▶ **Task to carry out**: From the records below, copy the lines that include "adjM".
═════ The input ═════
(* Let $\rho_1,\rho_2\colon\mathrm{Isom}(\mathbf H^1_{\mathbb C})_o\to\mathrm{Isom}(\mathbf H^\infty_{\mathbb C})_o$ be irreducible representations with $\ell(\rho_1)=\ell(\rho_2)$, having the same distinguished boundary points $\eta_1,\eta_2$ (i.e. $\eta_1$ is fixed by all $\rho_i(g(\lambda,b))$ and $\eta_2$ by all $\rho_i(g(\lambda,0))$, $i=1,2$), and let $K_1,K_2$ be their functions $K$ computed with the same isotropic representatives $\eta_1,\eta_2$, $B(\eta_1,\eta_2)=1$. Then $K_1(b)+K_2(b)\neq0$ for every $b\neq0$.
   Context: $\mathcal H$: separable complex Hilbert space with strongly non-degenerate Hermitian form $B$ (linear in first variable) of signature $(1,\infty)$; $\mathbf H^\infty_{\mathbb C}=\{[v]:B(v,v)>0\}$, $\cosh d([v],[w])=|B(v,w)|/\sqrt{B(v,v)B(w,w)}$, boundary = isotropic lines, $\mathrm{Isom}(\mathbf H^\infty_{\mathbb C})_o=PU(B)$. $\mathbf H^1_{\mathbb C}$: $\mathbb C^2$ with $B(z,w)=z_1\bar w_1-z_2\bar w_2$, $\xi_{1,2}=(e_1\pm e_2)/\sqrt2$; $g(\lambda,b)\in SU(1,1)$ has matrix $\begin{pmatrix}\lambda&ib\\0&\lambda^{-1}\end{pmatrix}$ in basis $(\xi_1,\xi_2)$. Representations are orbitally continuous; irreducible = no fixed point in $\mathbf H^\infty_{\mathbb C}\cup\partial\mathbf H^\infty_{\mathbb C}$, no invariant pair of boundary points, no proper invariant complex hyperbolic subspace. For such $\rho$, $\eta_1$ is the unique common fixed boundary point of the $\rho(g(\lambda,b))$ and $\eta_2$ the other endpoint of the common axis of the $\rho(g(\lambda,0))$. With $E=\eta_1^\perp\cap\eta_2^\perp$, the lift $T_b\in U(B)$ of $\rho(g(1,b))$ with $T_b\eta_1=\eta_1$ satisfies $T_b\eta_2=K(b)\eta_1+\eta_2+c(b)$, $K(b)\in\mathbb C$, $c(b)\in E$. $\ell(\rho)$ is the $t>0$ with $\inf_xd(\rho(g(\lambda,0))x,x)=t|\ln\lambda|$. *)

From HB Require Import structures.
From mathcomp Require Import all_boot all_order all_algebra.
From mathcomp Require Import complex.
From mathcomp Require Import boolp classical_sets reals exp.
Set Implicit Arguments. Unset Strict Implicit. Unset Printing Implicit Defensive.
Import Order.TTheory GRing.Theory Num.Theory.
Local Open Scope ring_scope.
Local Open Scope classical_set_scope.

Section Defs.
Variable R : realType.
Local Notation C := R[i].

Definition cR (x : R) : C := Complex x 0.
Definition modC (z : C) : R := Num.sqrt (complex.Re z ^+ 2 + complex.Im z ^+ 2).

Definition tends_to0 (u : nat -> R) : Prop :=
  forall eps : R, 0 < eps -> exists N : nat, forall n, (N <= n)%N -> `|u n| < eps.

Variable V : lmodType C.
Variable B : V -> V -> C.

Definition hermitian_form : Prop :=
  (forall (a : C) (u v w : V), B (a *: u + v) w = a * B u w + B v w) /\
  (forall u v : V, B v u = conjc (B u v)).

(* the norm on the negative definite part W = e0^perp, and the Hilbert norm *)
Definition nrmW (w : V) : R := Num.sqrt (complex.Re (- B w w)).
Definition hnorm (e0 v : V) : R :=
  Num.sqrt (modC (B v e0) ^+ 2 + nrmW (v - B v e0 *: e0) ^+ 2).

(* (V, B) is a separable complex Hilbert space whose Hermitian form B is
   strongly non-degenerate of signature (1, infinity), with fundamental
   decomposition V = C e0 (+) e0^perp: B e0 e0 = 1, -B is positive definite
   on e0^perp, and e0^perp is complete, separable and infinite-dimensional
   for the inner product -B (the Hilbert topology is the one of hnorm e0). *)
Definition krein_1_inf (e0 : V) : Prop :=
  [/\ B e0 e0 = 1,
      (forall w, B w e0 = 0 -> w <> 0 -> 0 < complex.Re (- B w w)),
      (forall u : nat -> V, (forall n, B (u n) e0 = 0) ->
         (forall eps : R, 0 < eps -> exists N : nat, forall m n, (N <= m)%N -> (N <= n)%N ->
              nrmW (u m - u n) < eps) ->
         exists w, B w e0 = 0 /\ tends_to0 (fun n => nrmW (u n - w))),
      (exists s : nat -> V, (forall n, B (s n) e0 = 0) /\
         forall w, B w e0 = 0 -> forall eps : R, 0 < eps -> exists n, nrmW (w - s n) < eps)
    & (forall n : nat, exists f : 'I_n -> V, (forall i, B (f i) e0 = 0) /\
         forall i j, - B (f i) (f j) = (i == j)%:R)].

Definition in_UB (T : V -> V) : Prop :=
  [/\ (forall u v, T (u + v) = T u + T v),
      (forall (a : C) v, T (a *: v) = a *: T v),
      bijective T
    & (forall u v, B (T u) (T v) = B u v)].

(* points of H^oo_C (positive vectors), of the boundary (isotropic nonzero
   vectors), and the distance d([v],[w]) = arccosh(|B(v,w)|/sqrt(B(v,v)B(w,w))) *)
Definition positive (v : V) : Prop := 0 < complex.Re (B v v).
Definition isotropic (v : V) : Prop := v <> 0 /\ B v v = 0.
Definition arccosh (x : R) : R := ln (x + Num.sqrt (x ^+ 2 - 1)).
Definition hdist (v w : V) : R :=
  arccosh (modC (B v w) / Num.sqrt (complex.Re (B v v) * complex.Re (B w w))).

Definition fixes_line (T : V -> V) (v : V) : Prop := exists c : C, T v = c *: v.

Definition displacement (T : V -> V) : R :=
  inf [set hdist (T v) v | v in [set v | positive v]].

Definition J11 : 'M[C]_2 := \matrix_(i < 2, j < 2)
  (if i == j then (if i == 0 then 1 else -1) else 0).
Definition adjM (M : 'M[C]_2) : 'M[C]_2 := (map_mx conjc M)^T.
Definition inSU11 (M : 'M[C]_2) : Prop := adjM M *m J11 *m M = J11 /\ \det M = 1.

(* the change of basis matrix with columns xi_1 = (e1+e2)/sqrt2, xi_2 = (e1-e2)/sqrt2 *)
Definition Pxi : 'M[C]_2 := \matrix_(i < 2, j < 2)
  (cR (Num.sqrt 2)^-1 * (if (i == 1) && (j == 1) then -1 else 1)).
(* g(lambda,b): matrix [[lambda, i b],[0, lambda^-1]] in the basis (xi_1, xi_2),
   written in the standard basis (Pxi^-1 = Pxi) *)
Definition gmat (lam b : R) : 'M[C]_2 :=
  Pxi *m (\matrix_(i < 2, j < 2)
            (if i == 0 then (if j == 0 then cR lam else Complex 0 b)
             else (if j == 0 then 0 else cR lam^-1))) *m Pxi.

(* A representation PU(1,1) -> PU(B), given through a choice of lifts
   rho g in U(B) of the image of [g], for g in SU(1,1):
   multiplicative up to unimodular scalars, -1 acting as a scalar,
   and orbitally continuous. *)
Definition unimod (c : C) : Prop := modC c = 1.

Definition is_rep (rho : 'M[C]_2 -> V -> V) : Prop :=
  [/\ (forall g, inSU11 g -> in_UB (rho g)),
      (forall g h, inSU11 g -> inSU11 h ->
         exists c, unimod c /\ forall v, rho (g *m h) v = c *: rho g (rho h v)),
      (exists c, unimod c /\ forall v, rho (- 1%:M) v = c *: v)
    & (forall v, positive v -> forall g (gs : nat -> 'M[C]_2),
         inSU11 g -> (forall n, inSU11 (gs n)) ->
         (forall i j, tends_to0 (fun n => modC (gs n i j - g i j))) ->
         tends_to0 (fun n => hdist (rho (gs n) v) (rho g v)))].

(* complex hyperbolic subspaces: closed complex linear subspaces containing a
   positive vector *)
Definition closed_subspace (e0 : V) (L : set V) : Prop :=
  [/\ L 0, (forall (a : C) u v, L u -> L v -> L (a *: u + v))
    & (forall (u : nat -> V) v, (forall n, L (u n)) ->
         tends_to0 (fun n => hnorm e0 (u n - v)) -> L v)].

Definition irreducible (e0 : V) (rho : 'M[C]_2 -> V -> V) : Prop :=
  [/\ (* no fixed point in H^oo_C or its boundary *)
      ~ (exists v, v <> 0 /\ 0 <= complex.Re (B v v) /\
           forall g, inSU11 g -> fixes_line (rho g) v),
      (* no invariant pair of boundary points *)
      ~ (exists v w, isotropic v /\ isotropic w /\ ~ (exists c : C, w = c *: v) /\
           forall g, inSU11 g ->
             (fixes_line (rho g) v /\ fixes_line (rho g) w) \/
             ((exists c : C, rho g v = c *: w) /\ (exists c : C, rho g w = c *: v)))
    &
      ~ (exists L : set V, closed_subspace e0 L /\ (exists u, L u /\ positive u) /\
           L <> setT /\ forall g, inSU11 g -> forall u, L u -> L (rho g u))].

End Defs.

(* Assume K1 + K2 = 0. Unitarity of the lift T of rho(g(1,b)) gives 2 Re K = - B(c, c), and c
   lies in the orthogonal complement of the hyperbolic plane P = span(eta1, eta2), on which B is
   negative definite; so Re K1, Re K2 >= 0, whence Re K1 = 0 and c1 = 0. Then rho1(g(1, b)) and
   rho1(g(1, -b)) = rho1(g(1, b))^-1 preserve P, and conjugating by the diagonal elements, which
   fix eta1 and eta2, so does rho1 of the whole upper triangular subgroup. As ell(rho1) > 0,
   rho1(g(2, 0)) has distinct eigenvalues on eta1 and eta2, so its isotropic eigenvectors lie in
   P; the Weyl element maps the eigenvectors of g(1/2, 0) to those of g(2, 0), hence also
   preserves P, and by the Bruhat decomposition so does rho1 of all of SU(1,1). This contradicts
   irreducibility, as P is a proper closed complex hyperbolic subspace. *)

From HB Require Import structures.
From mathcomp Require Import all_boot all_order all_algebra.
From mathcomp Require Import complex.
From mathcomp Require Import boolp classical_sets reals exp.
From mathcomp Require Import ring lra.
Import Order.TTheory GRing.Theory Num.Theory.
Local Open Scope ring_scope.
Local Open Scope classical_set_scope.

Set Implicit Arguments. Unset Strict Implicit. Unset Printing Implicit Defensive.

Local Notation Re := complex.Re.
Local Notation Im := complex.Im.

Lemma ReJ (R : pzRingType) (x : R[i]) : Re x^*%C = Re x.
Proof. by case: x. Qed.

Lemma ImJ (R : pzRingType) (x : R[i]) : Im x^*%C = - Im x.
Proof. by case: x. Qed.

Section ComplexFacts.
Variable R : realType.
Implicit Types x y : R[i].

Lemma complex_eq x y : Re x = Re y -> Im x = Im y -> x = y.
Proof. by case: x => a b; case: y => c d /= -> ->. Qed.

Lemma ReM x y : Re (x * y) = Re x * Re y - Im x * Im y.
Proof. by case: x => a b; case: y => c d. Qed.

Lemma ImM x y : Im (x * y) = Re x * Im y + Im x * Re y.
Proof. by case: x => a b; case: y => c d. Qed.

Lemma conjc_eq_real x : x^*%C = x -> x = cR (Re x).
Proof.
move=> /(congr1 (@complex.Im R)); rewrite ImJ => hx.
by apply: complex_eq => //=; lra.
Qed.

Lemma conjc_eq_imag x : x^*%C = - x -> x = Complex 0 (Im x).
Proof.
move=> /(congr1 (@complex.Re R)); rewrite ReJ raddfN /= => hx.
by apply: complex_eq => //=; lra.
Qed.

Lemma complex_ge0 x : Im x = 0 -> 0 <= Re x -> 0 <= x.
Proof. by move=> hI hR; rewrite lecE hI eqxx. Qed.

Lemma Re_ge0 x : 0 <= x -> 0 <= Re x.
Proof. by rewrite lecE => /andP[]. Qed.

Lemma modCE x : modC x = Re `|x|.
Proof. by rewrite normc_def. Qed.

Lemma unimod_neq0 x : unimod x -> x != 0.
Proof.
apply: contraPneq => ->.
by rewrite /unimod /modC /= expr0n /= addr0 sqrtr0 => /esym/eqP; rewrite oner_eq0.
Qed.

Lemma modC_ge0 x : 0 <= modC x.
Proof. exact: sqrtr_ge0. Qed.

Lemma Re_le_modC x : `|Re x| <= modC x.
Proof. by rewrite /modC -sqrtr_sqr ler_sqrt ?lerDl ?addr_ge0 ?sqr_ge0. Qed.

Lemma modCM x y : modC (x * y) = modC x * modC y.
Proof.
rewrite !modCE normrM ReM.
by rewrite [Im `|x|]/= [Im `|y|]/= !normc_def /= mulr0 subr0.
Qed.

Lemma modC_conj x : modC x^*%C = modC x.
Proof. by rewrite /modC ReJ ImJ sqrrN. Qed.

End ComplexFacts.

Lemma tends_to0_dominated_eq0 (R : realType) (q k : R) (s : nat -> R) :
  0 <= k -> tends_to0 s -> (forall n, `|q| <= k * s n) -> q = 0.
Proof.
move=> k_ge0 s0 hq; apply/eqP; apply: contraT => q_neq0.
have q_gt0 : 0 < `|q| by rewrite normr_gt0.
have k1_gt0 : 0 < k + 1 by rewrite ltr_wpDl.
have [N /(_ N (leqnn N))] := s0 _ (divr_gt0 q_gt0 k1_gt0).
rewrite ltr_pdivlMr // => hsN.
have := hq N; have := ler_norm (s N); have := normr_ge0 (s N); nra.
Qed.

Lemma le_sqrt_sqrD (R : realType) (x y : R) : x <= Num.sqrt (x ^+ 2 + y ^+ 2).
Proof.
apply: le_trans (ler_norm x) _.
by rewrite -sqrtr_sqr ler_sqrt ?lerDl ?addr_ge0 ?sqr_ge0.
Qed.

Section Span2.
Variables (R : realType) (V : lmodType R[i]).

Definition span2 (u v : V) : set V := [set w | exists a b, w = a *: u + b *: v].

Variables u v : V.

Lemma span2DZ a x y : span2 u v x -> span2 u v y -> span2 u v (a *: x + y).
Proof.
move=> [a1 [b1 ->]] [a2 [b2 ->]]; exists (a * a1 + a2), (a * b1 + b2).
by rewrite scalerDr !scalerA !scalerDl addrACA.
Qed.

Lemma span2_0 : span2 u v 0.
Proof. by exists 0, 0; rewrite !scale0r addr0. Qed.

Lemma span2Z a x : span2 u v x -> span2 u v (a *: x).
Proof. by move=> hx; rewrite -[a *: x]addr0; apply: span2DZ hx span2_0. Qed.

Lemma span2D x y : span2 u v x -> span2 u v y -> span2 u v (x + y).
Proof. by rewrite -{2}[x]scale1r; apply: span2DZ. Qed.

Lemma span2_l : span2 u v u.
Proof. by exists 1, 0; rewrite scale1r scale0r addr0. Qed.

Lemma span2_r : span2 u v v.
Proof. by exists 0, 1; rewrite scale1r scale0r add0r. Qed.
═════
▶ **Result**:
Definition adjM (M : 'M[C]_2) : 'M[C]_2 := (map_mx conjc M)^T.
Definition inSU11 (M : 'M[C]_2) : Prop := adjM M *m J11 *m M = J11 /\ \det M = 1.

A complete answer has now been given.